What needs to be done: After finding the line with "(* Let $E$ be" in the data below, set down exactly each line through the one with "From mathcomp Require Import all_boot", inclusive, and stop there.

Saved entries

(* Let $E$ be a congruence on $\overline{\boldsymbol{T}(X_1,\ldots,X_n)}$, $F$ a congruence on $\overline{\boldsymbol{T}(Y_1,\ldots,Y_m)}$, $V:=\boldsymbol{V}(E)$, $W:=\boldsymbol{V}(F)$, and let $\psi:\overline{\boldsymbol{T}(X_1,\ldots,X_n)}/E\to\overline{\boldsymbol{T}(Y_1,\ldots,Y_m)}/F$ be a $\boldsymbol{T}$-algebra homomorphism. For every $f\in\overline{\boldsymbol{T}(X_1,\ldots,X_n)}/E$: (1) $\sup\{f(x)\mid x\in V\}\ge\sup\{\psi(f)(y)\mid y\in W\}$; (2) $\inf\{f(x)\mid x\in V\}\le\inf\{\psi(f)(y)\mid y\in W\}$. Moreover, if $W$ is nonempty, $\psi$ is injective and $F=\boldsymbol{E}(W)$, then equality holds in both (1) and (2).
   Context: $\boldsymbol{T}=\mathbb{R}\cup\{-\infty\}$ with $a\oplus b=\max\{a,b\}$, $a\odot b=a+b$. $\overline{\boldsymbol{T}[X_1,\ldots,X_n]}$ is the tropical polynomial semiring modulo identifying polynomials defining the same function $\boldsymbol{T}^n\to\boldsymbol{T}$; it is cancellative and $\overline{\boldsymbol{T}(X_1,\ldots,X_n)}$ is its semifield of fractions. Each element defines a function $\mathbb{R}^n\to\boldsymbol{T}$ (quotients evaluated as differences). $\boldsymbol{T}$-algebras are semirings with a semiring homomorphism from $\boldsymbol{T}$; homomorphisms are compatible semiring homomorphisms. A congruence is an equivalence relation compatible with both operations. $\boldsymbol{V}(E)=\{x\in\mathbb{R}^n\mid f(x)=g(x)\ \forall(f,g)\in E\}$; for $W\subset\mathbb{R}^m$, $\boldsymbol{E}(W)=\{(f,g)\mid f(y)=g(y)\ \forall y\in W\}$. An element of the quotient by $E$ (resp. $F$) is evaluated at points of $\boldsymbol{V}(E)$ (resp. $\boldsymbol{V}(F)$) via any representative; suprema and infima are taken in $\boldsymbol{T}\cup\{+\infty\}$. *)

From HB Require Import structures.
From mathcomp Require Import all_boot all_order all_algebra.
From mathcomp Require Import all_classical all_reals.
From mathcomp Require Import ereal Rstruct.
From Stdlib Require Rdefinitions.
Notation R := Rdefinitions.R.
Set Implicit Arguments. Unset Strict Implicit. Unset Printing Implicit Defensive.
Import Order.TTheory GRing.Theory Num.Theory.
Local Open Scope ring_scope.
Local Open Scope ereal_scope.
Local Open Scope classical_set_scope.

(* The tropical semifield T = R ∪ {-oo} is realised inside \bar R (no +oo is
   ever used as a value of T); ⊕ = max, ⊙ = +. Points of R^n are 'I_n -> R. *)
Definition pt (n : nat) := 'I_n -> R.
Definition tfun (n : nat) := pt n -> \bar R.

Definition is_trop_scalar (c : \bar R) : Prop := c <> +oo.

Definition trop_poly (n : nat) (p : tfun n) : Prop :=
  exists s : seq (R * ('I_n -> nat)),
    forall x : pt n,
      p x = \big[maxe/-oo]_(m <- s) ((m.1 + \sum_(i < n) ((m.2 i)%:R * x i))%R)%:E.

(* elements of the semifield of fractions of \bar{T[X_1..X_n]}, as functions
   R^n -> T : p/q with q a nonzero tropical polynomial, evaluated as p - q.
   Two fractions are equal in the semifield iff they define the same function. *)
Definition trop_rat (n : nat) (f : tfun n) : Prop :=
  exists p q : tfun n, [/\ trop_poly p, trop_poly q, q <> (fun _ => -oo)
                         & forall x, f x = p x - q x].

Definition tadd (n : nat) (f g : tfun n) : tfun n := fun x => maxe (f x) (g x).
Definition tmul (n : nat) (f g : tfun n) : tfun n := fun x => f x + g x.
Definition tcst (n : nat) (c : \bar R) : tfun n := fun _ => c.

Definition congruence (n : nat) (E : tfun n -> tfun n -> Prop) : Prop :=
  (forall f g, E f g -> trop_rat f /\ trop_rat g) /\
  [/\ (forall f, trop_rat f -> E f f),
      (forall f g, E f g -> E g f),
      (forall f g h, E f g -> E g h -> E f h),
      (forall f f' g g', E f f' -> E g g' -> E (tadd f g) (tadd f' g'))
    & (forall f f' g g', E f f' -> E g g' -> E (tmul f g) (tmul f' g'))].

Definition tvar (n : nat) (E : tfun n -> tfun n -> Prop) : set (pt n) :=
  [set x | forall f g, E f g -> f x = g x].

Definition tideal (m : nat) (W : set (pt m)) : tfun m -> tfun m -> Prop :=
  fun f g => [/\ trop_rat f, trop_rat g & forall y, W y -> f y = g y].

...

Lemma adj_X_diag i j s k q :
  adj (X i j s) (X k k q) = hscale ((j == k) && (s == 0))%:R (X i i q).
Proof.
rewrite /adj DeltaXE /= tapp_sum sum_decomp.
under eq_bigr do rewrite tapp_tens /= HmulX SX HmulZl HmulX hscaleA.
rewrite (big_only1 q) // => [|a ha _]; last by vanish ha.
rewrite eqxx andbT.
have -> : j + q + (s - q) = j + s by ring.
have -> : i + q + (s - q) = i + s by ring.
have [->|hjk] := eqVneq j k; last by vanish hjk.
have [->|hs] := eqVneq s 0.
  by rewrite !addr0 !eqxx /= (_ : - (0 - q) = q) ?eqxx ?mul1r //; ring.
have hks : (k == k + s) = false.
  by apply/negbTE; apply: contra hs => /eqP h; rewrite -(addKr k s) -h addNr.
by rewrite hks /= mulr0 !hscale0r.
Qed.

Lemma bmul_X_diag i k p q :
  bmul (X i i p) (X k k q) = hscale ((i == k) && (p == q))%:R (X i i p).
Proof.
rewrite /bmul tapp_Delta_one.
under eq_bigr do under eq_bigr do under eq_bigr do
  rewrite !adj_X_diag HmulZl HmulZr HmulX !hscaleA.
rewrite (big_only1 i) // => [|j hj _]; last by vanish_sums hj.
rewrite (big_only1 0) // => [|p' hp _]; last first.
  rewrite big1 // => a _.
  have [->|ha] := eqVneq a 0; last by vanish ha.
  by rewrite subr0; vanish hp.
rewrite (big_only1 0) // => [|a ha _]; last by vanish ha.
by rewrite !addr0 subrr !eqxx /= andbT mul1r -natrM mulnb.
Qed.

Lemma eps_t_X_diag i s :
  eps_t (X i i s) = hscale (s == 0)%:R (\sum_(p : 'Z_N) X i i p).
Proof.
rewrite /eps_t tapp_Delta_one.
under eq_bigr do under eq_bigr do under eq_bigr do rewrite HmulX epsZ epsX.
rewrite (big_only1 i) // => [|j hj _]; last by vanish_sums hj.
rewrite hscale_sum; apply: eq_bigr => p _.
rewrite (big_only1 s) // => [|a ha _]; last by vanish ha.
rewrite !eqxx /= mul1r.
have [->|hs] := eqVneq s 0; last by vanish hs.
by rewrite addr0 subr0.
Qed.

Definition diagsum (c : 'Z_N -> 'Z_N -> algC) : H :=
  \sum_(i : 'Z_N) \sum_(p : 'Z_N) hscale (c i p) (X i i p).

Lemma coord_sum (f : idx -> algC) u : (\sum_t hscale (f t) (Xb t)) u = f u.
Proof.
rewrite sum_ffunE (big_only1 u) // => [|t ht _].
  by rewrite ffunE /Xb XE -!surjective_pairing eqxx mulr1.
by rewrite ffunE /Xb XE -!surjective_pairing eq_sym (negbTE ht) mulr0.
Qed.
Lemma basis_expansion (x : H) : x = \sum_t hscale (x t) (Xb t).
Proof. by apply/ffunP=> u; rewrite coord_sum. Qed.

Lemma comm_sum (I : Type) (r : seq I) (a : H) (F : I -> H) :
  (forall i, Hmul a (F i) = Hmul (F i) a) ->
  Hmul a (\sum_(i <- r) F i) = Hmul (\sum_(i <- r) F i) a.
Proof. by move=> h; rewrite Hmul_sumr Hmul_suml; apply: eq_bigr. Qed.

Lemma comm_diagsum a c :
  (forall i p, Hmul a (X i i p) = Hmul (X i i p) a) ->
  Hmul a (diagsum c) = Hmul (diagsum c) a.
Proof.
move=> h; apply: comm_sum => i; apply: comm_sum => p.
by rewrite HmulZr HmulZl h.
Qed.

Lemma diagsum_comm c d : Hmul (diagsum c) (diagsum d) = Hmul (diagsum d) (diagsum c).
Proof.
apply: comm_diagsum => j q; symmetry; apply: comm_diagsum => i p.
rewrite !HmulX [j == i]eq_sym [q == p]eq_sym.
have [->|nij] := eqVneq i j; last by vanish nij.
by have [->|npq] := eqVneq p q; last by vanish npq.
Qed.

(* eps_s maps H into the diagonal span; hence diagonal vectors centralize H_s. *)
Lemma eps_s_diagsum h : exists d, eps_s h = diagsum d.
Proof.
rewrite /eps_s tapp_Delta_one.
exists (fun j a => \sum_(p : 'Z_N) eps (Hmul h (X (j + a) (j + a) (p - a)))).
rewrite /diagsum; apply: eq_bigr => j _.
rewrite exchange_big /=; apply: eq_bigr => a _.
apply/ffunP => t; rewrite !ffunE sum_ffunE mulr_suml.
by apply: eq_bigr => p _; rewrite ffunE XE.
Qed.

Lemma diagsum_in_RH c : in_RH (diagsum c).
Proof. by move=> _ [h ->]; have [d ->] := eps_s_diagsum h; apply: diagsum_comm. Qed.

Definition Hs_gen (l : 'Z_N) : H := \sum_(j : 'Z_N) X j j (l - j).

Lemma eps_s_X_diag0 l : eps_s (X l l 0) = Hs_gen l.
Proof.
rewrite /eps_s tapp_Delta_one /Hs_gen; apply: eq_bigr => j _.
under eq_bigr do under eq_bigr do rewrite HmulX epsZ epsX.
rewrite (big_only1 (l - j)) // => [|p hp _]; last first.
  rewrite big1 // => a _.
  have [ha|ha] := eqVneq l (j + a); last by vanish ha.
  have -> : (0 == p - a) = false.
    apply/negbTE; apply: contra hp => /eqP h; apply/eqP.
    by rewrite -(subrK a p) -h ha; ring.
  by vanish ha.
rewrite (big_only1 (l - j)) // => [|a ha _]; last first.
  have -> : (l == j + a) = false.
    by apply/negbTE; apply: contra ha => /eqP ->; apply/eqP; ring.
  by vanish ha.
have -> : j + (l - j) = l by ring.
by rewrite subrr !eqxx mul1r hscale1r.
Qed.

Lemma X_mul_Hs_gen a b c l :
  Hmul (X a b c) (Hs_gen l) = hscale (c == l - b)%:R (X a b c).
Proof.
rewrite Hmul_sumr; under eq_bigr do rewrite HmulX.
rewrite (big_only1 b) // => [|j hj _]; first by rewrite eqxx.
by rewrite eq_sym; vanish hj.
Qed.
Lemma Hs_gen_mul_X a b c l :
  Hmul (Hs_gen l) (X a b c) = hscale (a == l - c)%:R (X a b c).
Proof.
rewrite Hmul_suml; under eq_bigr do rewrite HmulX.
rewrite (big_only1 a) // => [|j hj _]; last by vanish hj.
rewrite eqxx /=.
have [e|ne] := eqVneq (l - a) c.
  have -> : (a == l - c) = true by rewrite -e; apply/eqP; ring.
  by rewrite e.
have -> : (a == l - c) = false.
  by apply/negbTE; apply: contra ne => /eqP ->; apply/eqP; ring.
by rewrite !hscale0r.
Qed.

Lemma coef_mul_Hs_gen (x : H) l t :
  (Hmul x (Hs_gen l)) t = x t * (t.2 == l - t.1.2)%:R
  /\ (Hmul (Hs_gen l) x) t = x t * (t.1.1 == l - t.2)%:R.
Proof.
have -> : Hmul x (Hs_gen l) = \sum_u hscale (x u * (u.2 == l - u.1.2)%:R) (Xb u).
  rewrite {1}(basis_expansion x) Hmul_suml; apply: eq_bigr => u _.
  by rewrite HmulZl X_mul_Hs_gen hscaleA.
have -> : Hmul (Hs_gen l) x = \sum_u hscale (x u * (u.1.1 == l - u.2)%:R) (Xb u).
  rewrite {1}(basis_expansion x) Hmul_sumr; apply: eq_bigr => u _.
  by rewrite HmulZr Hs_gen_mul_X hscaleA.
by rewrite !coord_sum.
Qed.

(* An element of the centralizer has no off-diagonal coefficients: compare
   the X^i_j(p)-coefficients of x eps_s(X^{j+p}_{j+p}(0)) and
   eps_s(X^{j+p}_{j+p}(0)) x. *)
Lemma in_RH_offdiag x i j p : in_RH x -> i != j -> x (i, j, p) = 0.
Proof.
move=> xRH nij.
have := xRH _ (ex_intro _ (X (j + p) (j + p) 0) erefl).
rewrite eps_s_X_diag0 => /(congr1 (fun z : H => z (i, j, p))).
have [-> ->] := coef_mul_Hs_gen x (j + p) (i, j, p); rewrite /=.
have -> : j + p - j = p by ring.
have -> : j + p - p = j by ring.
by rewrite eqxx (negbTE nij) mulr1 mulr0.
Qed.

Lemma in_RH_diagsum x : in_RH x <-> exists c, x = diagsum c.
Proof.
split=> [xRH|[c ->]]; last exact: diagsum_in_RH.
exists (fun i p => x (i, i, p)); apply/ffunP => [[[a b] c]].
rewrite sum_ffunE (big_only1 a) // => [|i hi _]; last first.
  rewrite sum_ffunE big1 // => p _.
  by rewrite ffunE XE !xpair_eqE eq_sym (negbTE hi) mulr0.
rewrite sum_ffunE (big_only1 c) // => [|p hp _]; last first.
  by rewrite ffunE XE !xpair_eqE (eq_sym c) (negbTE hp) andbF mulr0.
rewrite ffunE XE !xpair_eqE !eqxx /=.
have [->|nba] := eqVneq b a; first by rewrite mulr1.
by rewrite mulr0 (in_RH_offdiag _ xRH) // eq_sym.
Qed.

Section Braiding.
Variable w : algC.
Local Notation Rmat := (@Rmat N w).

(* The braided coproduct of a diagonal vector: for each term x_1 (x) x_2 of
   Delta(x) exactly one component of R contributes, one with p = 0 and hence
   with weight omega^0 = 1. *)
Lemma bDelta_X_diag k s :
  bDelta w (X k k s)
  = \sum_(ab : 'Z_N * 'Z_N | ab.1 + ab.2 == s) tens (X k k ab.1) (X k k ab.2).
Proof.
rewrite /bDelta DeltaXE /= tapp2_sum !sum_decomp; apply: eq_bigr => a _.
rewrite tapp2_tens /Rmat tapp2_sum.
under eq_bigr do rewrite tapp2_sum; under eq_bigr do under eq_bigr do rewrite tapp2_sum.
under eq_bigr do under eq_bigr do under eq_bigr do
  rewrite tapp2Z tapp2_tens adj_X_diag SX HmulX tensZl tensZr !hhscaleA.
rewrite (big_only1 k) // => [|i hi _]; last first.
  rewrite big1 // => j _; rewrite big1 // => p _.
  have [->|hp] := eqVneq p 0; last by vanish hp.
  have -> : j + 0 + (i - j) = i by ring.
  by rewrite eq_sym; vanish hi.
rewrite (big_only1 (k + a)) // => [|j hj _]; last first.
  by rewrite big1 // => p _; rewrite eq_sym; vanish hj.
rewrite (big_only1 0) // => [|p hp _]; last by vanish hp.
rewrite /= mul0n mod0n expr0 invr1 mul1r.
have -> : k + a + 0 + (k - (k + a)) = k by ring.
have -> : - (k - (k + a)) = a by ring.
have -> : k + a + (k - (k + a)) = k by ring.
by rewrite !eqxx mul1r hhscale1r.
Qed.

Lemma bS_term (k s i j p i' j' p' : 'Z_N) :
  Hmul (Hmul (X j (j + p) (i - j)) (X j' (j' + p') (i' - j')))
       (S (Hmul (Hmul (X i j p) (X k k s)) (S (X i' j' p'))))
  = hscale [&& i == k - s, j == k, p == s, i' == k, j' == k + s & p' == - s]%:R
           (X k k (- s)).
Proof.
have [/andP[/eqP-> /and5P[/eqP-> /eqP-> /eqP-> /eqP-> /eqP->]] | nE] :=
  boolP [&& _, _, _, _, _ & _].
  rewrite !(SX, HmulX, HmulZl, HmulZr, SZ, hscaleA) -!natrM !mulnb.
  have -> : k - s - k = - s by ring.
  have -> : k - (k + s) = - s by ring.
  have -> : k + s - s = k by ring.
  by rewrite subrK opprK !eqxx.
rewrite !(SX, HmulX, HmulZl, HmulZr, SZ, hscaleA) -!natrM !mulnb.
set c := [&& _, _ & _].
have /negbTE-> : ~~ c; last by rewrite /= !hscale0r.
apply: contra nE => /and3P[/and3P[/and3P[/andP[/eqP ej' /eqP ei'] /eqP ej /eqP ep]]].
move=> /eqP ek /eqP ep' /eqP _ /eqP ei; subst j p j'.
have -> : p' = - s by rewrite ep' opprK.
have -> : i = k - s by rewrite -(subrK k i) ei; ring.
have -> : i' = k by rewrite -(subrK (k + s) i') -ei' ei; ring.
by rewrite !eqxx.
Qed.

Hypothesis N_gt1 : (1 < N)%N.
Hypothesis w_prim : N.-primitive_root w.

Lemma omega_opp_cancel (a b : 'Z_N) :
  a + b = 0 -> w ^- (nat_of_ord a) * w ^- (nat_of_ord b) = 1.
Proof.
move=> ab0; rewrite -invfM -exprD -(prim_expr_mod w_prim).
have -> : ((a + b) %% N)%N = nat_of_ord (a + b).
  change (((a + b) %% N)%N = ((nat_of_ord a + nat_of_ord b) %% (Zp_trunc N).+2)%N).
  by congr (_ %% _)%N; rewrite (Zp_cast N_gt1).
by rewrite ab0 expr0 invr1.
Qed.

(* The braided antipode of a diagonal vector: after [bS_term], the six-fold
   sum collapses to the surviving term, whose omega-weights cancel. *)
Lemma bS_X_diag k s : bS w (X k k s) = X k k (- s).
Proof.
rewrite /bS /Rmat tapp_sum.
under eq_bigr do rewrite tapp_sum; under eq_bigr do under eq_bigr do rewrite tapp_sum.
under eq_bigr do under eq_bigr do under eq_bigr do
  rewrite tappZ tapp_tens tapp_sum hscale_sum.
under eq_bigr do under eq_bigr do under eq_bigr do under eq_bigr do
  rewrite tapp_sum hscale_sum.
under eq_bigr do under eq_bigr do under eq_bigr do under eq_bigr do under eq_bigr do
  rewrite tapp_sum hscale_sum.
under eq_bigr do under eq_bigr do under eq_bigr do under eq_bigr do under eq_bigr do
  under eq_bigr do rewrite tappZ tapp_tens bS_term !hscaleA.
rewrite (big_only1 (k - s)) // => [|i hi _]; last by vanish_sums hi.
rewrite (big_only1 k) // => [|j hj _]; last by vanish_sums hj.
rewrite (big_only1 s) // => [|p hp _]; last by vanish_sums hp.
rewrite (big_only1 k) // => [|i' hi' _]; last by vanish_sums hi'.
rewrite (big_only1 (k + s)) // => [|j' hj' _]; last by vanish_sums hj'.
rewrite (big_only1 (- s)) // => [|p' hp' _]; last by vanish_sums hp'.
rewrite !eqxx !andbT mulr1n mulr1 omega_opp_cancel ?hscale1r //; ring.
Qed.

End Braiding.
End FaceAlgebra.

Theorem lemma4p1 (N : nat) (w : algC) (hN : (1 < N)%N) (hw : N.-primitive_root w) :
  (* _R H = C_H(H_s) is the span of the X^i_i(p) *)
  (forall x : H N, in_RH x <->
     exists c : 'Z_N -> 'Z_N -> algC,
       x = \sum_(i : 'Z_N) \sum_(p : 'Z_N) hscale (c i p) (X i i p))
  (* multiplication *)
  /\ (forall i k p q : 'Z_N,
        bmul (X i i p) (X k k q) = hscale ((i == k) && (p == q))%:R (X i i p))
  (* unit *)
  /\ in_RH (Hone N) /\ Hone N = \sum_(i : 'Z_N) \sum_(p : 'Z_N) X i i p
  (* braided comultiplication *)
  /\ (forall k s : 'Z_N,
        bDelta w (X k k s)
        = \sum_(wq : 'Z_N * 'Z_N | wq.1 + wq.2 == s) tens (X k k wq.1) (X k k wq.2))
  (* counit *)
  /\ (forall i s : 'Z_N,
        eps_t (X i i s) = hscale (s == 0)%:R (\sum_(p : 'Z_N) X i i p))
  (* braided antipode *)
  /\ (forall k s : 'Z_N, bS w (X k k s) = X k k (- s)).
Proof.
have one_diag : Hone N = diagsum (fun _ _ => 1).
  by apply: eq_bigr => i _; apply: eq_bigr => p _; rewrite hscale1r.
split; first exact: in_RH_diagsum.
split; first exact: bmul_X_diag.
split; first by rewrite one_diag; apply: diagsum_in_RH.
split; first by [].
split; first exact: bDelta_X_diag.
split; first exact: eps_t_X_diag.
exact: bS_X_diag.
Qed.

Problem solution:
(* Let $E$ be a congruence on $\overline{\boldsymbol{T}(X_1,\ldots,X_n)}$, $F$ a congruence on $\overline{\boldsymbol{T}(Y_1,\ldots,Y_m)}$, $V:=\boldsymbol{V}(E)$, $W:=\boldsymbol{V}(F)$, and let $\psi:\overline{\boldsymbol{T}(X_1,\ldots,X_n)}/E\to\overline{\boldsymbol{T}(Y_1,\ldots,Y_m)}/F$ be a $\boldsymbol{T}$-algebra homomorphism. For every $f\in\overline{\boldsymbol{T}(X_1,\ldots,X_n)}/E$: (1) $\sup\{f(x)\mid x\in V\}\ge\sup\{\psi(f)(y)\mid y\in W\}$; (2) $\inf\{f(x)\mid x\in V\}\le\inf\{\psi(f)(y)\mid y\in W\}$. Moreover, if $W$ is nonempty, $\psi$ is injective and $F=\boldsymbol{E}(W)$, then equality holds in both (1) and (2).
   Context: $\boldsymbol{T}=\mathbb{R}\cup\{-\infty\}$ with $a\oplus b=\max\{a,b\}$, $a\odot b=a+b$. $\overline{\boldsymbol{T}[X_1,\ldots,X_n]}$ is the tropical polynomial semiring modulo identifying polynomials defining the same function $\boldsymbol{T}^n\to\boldsymbol{T}$; it is cancellative and $\overline{\boldsymbol{T}(X_1,\ldots,X_n)}$ is its semifield of fractions. Each element defines a function $\mathbb{R}^n\to\boldsymbol{T}$ (quotients evaluated as differences). $\boldsymbol{T}$-algebras are semirings with a semiring homomorphism from $\boldsymbol{T}$; homomorphisms are compatible semiring homomorphisms. A congruence is an equivalence relation compatible with both operations. $\boldsymbol{V}(E)=\{x\in\mathbb{R}^n\mid f(x)=g(x)\ \forall(f,g)\in E\}$; for $W\subset\mathbb{R}^m$, $\boldsymbol{E}(W)=\{(f,g)\mid f(y)=g(y)\ \forall y\in W\}$. An element of the quotient by $E$ (resp. $F$) is evaluated at points of $\boldsymbol{V}(E)$ (resp. $\boldsymbol{V}(F)$) via any representative; suprema and infima are taken in $\boldsymbol{T}\cup\{+\infty\}$. *)

From HB Require Import structures.
From mathcomp Require Import all_boot all_order all_algebra.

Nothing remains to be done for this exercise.